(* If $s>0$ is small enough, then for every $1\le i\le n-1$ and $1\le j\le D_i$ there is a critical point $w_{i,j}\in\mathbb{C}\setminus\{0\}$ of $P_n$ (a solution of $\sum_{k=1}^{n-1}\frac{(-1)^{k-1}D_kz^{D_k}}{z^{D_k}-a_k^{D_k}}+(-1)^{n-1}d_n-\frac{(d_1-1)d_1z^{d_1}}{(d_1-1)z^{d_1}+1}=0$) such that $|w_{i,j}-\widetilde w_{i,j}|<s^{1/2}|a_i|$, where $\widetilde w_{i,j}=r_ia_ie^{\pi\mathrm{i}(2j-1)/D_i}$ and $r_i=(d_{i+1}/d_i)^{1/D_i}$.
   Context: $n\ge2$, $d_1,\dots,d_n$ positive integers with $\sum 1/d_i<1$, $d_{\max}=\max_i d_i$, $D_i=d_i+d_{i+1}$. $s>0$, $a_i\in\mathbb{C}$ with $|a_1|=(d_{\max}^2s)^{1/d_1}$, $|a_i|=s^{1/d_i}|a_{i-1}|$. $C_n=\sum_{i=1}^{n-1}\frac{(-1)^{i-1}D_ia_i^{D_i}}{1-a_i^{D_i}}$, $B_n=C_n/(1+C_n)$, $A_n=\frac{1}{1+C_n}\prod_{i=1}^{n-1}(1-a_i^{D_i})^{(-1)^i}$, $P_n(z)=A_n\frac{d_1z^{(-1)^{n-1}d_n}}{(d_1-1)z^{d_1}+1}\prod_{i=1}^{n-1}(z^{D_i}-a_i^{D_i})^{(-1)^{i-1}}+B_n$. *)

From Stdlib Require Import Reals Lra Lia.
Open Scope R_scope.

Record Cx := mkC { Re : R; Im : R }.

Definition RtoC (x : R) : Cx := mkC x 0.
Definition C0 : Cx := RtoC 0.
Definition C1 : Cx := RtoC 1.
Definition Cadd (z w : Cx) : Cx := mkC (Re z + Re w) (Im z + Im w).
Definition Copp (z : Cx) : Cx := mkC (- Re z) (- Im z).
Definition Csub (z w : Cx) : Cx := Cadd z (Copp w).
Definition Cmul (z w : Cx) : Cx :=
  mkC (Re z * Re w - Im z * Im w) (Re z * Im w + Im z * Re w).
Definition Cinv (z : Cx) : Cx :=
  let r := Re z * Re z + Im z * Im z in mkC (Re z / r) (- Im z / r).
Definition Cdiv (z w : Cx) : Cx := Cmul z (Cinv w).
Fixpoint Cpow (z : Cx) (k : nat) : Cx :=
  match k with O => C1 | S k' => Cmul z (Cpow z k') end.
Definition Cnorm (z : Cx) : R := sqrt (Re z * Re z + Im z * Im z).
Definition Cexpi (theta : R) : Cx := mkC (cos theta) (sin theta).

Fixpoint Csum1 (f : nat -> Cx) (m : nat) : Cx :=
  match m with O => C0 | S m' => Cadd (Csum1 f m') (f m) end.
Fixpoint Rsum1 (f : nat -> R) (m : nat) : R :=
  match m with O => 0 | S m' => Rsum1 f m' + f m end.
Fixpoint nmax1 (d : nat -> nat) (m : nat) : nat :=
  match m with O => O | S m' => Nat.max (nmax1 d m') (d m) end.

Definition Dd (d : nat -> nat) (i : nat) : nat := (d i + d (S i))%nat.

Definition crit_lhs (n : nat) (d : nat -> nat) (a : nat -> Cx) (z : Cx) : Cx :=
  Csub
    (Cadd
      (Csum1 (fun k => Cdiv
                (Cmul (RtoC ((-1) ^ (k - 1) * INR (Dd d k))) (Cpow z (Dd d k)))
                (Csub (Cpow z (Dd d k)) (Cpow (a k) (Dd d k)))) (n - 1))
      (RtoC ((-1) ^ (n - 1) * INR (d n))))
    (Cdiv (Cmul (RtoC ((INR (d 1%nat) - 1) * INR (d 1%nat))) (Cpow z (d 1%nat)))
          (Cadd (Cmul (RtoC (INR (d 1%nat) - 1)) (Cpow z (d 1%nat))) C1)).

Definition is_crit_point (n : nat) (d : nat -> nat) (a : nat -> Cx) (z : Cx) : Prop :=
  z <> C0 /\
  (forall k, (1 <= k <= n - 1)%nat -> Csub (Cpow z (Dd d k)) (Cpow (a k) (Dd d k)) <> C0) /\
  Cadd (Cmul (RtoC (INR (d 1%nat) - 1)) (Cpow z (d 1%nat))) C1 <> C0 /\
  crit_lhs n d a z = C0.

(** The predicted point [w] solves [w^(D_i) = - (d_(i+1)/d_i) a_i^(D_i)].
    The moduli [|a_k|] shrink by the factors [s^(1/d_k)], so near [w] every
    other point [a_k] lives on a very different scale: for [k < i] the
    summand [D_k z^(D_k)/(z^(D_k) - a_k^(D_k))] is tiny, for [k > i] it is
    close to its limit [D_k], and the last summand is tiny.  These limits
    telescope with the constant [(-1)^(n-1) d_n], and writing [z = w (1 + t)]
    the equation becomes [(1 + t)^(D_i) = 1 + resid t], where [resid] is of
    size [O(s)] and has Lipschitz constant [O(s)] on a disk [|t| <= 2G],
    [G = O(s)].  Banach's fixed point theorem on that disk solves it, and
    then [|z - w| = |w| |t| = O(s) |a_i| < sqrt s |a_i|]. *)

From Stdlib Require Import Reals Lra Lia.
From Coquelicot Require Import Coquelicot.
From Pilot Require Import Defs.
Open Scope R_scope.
---
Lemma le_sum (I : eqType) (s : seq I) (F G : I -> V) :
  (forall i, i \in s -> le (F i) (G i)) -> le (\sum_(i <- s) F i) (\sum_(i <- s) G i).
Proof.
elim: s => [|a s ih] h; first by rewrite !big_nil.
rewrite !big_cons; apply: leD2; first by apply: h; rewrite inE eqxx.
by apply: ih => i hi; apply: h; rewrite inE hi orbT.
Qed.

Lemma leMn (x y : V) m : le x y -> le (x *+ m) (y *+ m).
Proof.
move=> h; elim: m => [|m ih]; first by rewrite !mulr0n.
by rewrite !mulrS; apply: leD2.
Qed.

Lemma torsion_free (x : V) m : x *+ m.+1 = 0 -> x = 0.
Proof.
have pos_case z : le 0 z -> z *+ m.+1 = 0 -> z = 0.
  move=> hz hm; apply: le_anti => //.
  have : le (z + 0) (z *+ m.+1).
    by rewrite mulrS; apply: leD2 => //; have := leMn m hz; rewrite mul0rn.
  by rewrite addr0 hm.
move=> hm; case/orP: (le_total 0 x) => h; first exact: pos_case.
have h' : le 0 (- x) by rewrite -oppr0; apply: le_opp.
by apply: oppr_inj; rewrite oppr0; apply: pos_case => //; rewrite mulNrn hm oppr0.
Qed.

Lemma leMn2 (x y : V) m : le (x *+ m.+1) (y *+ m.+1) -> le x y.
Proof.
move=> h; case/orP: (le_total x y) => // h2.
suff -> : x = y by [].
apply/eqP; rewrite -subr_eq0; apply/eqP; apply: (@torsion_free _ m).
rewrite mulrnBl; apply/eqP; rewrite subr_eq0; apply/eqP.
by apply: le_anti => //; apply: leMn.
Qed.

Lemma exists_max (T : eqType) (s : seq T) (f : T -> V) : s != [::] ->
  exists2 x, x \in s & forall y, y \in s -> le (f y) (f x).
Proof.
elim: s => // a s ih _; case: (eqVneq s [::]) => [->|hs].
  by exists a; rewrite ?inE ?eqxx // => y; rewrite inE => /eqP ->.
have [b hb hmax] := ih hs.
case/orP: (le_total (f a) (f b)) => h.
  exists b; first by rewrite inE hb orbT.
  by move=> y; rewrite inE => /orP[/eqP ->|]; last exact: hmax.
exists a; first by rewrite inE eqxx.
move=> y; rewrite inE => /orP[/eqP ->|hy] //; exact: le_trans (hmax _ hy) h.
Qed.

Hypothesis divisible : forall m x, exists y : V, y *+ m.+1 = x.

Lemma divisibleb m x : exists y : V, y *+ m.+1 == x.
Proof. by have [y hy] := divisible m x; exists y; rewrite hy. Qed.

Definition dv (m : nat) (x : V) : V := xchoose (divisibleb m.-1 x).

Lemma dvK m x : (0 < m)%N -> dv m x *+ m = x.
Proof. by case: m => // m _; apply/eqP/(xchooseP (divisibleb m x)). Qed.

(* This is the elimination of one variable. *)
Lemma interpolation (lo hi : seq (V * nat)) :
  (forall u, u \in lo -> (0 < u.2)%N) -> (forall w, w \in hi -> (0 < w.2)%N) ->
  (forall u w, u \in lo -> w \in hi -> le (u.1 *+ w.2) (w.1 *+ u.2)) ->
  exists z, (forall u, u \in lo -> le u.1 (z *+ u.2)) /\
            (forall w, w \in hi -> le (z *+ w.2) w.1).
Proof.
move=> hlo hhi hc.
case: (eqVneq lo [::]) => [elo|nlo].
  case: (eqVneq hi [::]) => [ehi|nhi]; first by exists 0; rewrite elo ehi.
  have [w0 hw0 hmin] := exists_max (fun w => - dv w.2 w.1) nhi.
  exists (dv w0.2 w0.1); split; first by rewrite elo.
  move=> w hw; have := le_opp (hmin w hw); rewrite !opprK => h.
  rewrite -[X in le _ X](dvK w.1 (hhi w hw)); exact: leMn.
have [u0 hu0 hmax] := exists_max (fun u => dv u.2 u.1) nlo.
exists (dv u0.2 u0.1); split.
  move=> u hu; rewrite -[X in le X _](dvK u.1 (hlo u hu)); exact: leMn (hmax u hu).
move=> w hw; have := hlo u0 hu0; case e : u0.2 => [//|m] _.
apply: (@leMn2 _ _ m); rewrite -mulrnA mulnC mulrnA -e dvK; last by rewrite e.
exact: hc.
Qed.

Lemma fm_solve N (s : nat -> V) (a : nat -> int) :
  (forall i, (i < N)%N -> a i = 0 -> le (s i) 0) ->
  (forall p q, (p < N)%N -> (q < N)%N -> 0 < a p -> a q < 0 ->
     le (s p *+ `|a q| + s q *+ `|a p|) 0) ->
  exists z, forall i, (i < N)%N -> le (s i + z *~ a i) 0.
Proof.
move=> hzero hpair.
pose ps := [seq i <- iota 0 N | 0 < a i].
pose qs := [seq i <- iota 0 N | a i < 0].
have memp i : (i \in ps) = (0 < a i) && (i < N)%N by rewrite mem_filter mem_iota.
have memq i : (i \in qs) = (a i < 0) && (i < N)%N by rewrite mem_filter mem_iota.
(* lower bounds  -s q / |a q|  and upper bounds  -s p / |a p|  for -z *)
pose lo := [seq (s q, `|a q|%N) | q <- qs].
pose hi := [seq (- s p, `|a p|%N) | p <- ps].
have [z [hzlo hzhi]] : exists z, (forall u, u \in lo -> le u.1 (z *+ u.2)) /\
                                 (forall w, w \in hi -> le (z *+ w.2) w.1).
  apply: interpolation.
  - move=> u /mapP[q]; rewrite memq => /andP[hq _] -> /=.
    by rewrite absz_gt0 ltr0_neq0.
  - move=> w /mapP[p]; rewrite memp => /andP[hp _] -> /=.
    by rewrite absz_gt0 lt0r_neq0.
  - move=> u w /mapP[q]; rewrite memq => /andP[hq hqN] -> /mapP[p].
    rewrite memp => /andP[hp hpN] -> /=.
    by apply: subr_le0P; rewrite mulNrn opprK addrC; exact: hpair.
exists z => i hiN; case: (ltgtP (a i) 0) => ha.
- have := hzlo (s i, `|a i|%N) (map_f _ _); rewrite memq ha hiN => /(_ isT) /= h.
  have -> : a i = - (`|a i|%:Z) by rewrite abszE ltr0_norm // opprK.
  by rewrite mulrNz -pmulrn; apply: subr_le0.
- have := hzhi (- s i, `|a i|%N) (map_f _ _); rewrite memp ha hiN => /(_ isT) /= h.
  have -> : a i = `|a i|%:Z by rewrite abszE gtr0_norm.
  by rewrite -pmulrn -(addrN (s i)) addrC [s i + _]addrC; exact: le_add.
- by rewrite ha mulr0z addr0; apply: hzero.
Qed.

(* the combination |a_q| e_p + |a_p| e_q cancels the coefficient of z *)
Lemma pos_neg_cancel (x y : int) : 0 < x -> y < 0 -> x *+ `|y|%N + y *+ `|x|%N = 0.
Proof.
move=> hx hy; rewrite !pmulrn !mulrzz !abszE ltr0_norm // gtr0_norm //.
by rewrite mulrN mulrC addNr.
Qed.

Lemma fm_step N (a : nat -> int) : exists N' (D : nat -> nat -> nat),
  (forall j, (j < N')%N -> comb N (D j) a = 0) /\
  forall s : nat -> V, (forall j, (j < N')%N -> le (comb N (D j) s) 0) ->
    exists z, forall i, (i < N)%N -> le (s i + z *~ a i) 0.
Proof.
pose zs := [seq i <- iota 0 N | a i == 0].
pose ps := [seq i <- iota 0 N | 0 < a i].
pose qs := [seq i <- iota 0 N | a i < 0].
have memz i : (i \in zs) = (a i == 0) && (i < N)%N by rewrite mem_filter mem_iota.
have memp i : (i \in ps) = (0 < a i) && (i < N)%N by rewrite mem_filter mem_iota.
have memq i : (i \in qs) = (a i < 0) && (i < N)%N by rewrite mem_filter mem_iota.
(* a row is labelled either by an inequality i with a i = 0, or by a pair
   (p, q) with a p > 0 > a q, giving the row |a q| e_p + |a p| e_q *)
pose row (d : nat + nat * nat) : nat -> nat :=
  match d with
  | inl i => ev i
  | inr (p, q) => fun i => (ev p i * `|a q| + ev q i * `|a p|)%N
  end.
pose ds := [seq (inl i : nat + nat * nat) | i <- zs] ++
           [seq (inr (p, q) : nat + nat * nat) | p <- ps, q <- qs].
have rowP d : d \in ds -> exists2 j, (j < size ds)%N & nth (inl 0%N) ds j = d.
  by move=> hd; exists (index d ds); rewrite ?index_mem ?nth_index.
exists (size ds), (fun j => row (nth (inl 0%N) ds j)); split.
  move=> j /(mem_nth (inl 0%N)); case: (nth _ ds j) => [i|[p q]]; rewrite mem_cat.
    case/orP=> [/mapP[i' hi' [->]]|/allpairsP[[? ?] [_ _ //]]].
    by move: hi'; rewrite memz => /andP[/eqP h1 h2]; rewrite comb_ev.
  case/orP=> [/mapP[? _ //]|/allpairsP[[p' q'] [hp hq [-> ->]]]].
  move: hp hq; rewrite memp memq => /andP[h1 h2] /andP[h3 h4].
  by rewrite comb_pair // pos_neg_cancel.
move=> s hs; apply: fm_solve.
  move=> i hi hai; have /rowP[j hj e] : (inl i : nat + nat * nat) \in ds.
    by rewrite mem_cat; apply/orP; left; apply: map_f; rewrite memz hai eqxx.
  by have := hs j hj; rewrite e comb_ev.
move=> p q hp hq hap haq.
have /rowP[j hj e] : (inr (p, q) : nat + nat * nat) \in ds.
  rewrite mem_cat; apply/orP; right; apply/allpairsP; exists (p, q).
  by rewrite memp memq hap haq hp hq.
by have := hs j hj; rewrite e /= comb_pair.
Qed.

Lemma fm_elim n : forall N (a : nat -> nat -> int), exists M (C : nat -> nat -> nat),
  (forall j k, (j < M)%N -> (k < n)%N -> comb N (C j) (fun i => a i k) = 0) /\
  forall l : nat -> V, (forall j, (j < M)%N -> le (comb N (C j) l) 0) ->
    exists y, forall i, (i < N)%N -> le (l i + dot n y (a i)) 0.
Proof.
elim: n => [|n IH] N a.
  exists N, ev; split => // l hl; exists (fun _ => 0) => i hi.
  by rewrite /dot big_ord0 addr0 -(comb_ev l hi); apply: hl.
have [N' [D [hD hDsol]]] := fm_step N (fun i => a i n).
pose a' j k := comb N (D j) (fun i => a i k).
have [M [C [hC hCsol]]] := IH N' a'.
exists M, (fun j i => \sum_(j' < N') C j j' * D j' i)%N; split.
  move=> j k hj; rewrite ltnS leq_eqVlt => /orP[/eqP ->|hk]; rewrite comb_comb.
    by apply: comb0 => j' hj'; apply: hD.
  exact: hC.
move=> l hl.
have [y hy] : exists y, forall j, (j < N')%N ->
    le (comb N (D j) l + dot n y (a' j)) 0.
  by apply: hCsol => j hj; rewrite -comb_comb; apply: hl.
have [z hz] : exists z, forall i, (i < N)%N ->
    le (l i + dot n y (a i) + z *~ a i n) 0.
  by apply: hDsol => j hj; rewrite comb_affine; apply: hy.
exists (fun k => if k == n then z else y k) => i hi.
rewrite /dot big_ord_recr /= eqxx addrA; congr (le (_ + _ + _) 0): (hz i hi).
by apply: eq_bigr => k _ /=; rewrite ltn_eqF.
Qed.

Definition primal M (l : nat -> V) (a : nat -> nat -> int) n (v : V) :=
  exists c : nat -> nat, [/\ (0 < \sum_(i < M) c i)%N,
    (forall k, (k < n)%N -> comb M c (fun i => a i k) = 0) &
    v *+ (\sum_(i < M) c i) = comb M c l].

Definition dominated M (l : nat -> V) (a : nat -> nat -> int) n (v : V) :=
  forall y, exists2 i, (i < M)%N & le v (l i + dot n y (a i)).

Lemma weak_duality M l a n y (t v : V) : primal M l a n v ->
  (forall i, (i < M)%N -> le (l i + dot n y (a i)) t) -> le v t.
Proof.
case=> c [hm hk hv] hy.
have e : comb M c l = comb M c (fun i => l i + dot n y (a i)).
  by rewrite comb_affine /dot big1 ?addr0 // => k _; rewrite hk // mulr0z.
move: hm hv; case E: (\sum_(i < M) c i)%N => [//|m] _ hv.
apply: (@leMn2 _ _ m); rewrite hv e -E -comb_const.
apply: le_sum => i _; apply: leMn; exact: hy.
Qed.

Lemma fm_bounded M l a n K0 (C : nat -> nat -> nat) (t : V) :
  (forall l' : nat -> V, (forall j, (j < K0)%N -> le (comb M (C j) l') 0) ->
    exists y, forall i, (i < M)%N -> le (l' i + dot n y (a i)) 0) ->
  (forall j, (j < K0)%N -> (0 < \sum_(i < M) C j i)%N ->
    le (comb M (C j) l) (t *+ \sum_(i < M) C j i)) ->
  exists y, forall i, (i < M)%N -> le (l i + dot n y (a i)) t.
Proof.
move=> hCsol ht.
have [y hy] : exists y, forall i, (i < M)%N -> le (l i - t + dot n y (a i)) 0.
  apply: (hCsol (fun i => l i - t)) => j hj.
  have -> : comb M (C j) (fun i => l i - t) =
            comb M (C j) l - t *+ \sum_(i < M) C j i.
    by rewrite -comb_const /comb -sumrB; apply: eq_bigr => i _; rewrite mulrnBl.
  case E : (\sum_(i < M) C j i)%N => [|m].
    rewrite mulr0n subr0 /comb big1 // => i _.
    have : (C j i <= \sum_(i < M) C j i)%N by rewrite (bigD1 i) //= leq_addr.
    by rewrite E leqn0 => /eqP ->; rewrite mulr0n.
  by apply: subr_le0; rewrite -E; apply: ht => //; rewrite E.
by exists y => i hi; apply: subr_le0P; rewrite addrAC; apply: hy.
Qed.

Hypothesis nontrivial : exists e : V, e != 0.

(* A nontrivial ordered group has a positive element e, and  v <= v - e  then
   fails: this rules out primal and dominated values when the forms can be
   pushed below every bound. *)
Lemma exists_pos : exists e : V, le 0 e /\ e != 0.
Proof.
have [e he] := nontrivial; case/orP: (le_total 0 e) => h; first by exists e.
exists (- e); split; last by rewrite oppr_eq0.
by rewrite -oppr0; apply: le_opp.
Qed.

What you need to do:
Across all the records above, find each line with "hzlo" in it and copy it.

Output for this task:
have [z [hzlo hzhi]] : exists z, (forall u, u \in lo -> le u.1 (z *+ u.2)) /\
- have := hzlo (s i, `|a i|%N) (map_f _ _); rewrite memq ha hiN => /(_ isT) /= h.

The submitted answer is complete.